» TASK DIRECTIONS
Your task is to transcribe the entries below exactly, from their first line down to the line containing "Definition linv (r", and to stop there.

» EXERCISE INPUTS
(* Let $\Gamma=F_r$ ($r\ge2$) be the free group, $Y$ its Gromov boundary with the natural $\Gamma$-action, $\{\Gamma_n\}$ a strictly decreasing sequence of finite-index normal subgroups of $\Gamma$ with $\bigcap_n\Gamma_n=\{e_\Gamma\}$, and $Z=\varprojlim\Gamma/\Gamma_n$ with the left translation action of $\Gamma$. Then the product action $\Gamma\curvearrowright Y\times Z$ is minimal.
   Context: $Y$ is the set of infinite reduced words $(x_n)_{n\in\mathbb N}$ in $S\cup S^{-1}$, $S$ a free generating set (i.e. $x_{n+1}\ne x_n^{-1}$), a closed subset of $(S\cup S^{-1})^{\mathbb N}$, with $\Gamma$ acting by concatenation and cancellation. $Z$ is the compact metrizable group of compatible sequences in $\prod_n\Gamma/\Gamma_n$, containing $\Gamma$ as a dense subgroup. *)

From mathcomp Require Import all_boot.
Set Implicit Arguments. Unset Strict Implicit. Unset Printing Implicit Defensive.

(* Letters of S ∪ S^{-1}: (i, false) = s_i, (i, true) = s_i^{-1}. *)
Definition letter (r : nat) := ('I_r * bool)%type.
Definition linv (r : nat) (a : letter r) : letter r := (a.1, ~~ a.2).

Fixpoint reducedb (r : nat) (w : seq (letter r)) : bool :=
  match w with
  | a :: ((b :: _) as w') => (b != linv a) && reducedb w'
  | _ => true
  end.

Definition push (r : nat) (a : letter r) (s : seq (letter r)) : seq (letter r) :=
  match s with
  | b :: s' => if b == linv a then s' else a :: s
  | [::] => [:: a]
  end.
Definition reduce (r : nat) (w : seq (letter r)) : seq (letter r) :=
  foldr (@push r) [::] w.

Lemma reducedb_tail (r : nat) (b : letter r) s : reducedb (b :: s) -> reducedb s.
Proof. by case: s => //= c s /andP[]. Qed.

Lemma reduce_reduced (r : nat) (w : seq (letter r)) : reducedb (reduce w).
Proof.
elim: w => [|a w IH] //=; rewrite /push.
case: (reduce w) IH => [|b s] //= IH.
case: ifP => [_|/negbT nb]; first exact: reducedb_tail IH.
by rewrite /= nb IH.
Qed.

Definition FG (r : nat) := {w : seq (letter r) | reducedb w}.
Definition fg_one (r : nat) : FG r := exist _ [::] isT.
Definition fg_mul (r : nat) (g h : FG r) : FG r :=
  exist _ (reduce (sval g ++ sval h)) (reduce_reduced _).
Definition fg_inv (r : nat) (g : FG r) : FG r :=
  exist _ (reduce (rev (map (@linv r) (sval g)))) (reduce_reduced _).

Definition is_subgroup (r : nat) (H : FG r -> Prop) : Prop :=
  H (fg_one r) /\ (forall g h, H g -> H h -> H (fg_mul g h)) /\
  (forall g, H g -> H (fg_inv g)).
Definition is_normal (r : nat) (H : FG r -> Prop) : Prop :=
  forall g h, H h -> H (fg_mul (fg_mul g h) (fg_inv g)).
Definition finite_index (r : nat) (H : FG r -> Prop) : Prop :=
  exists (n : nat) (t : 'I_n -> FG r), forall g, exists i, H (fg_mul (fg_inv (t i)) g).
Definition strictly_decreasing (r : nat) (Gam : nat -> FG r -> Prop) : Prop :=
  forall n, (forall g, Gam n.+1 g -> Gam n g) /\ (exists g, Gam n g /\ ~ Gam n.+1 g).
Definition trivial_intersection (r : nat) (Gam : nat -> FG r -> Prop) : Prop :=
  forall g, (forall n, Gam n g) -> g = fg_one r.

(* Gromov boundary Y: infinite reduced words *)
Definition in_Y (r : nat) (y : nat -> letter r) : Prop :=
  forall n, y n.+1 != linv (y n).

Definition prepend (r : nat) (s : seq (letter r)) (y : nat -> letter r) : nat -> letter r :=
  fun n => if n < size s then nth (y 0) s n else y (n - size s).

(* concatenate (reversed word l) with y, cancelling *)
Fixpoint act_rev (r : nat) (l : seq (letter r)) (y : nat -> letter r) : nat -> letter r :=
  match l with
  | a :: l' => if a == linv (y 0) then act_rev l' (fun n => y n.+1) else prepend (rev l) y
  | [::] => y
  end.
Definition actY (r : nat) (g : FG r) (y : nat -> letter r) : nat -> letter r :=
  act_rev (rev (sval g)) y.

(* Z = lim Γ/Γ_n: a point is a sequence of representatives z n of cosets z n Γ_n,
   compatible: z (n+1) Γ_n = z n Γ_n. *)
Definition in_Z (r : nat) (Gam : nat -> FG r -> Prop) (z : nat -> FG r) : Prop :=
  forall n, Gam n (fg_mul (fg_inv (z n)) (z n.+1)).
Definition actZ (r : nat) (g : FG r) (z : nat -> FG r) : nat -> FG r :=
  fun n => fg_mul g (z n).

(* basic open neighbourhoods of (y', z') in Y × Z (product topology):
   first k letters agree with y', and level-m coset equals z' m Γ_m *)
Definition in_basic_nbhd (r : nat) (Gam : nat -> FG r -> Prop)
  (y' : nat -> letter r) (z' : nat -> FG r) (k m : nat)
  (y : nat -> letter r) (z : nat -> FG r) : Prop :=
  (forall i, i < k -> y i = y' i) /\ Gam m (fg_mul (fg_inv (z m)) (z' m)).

» SOLVED PROBLEM
(* Let $\Gamma=F_r$ ($r\ge2$) be the free group, $Y$ its Gromov boundary with the natural $\Gamma$-action, $\{\Gamma_n\}$ a strictly decreasing sequence of finite-index normal subgroups of $\Gamma$ with $\bigcap_n\Gamma_n=\{e_\Gamma\}$, and $Z=\varprojlim\Gamma/\Gamma_n$ with the left translation action of $\Gamma$. Then the product action $\Gamma\curvearrowright Y\times Z$ is minimal.
   Context: $Y$ is the set of infinite reduced words $(x_n)_{n\in\mathbb N}$ in $S\cup S^{-1}$, $S$ a free generating set (i.e. $x_{n+1}\ne x_n^{-1}$), a closed subset of $(S\cup S^{-1})^{\mathbb N}$, with $\Gamma$ acting by concatenation and cancellation. $Z$ is the compact metrizable group of compatible sequences in $\prod_n\Gamma/\Gamma_n$, containing $\Gamma$ as a dense subgroup. *)

From mathcomp Require Import all_boot.
Set Implicit Arguments. Unset Strict Implicit. Unset Printing Implicit Defensive.

(* Letters of S ∪ S^{-1}: (i, false) = s_i, (i, true) = s_i^{-1}. *)
Definition letter (r : nat) := ('I_r * bool)%type.
Definition linv (r : nat) (a : letter r) : letter r := (a.1, ~~ a.2).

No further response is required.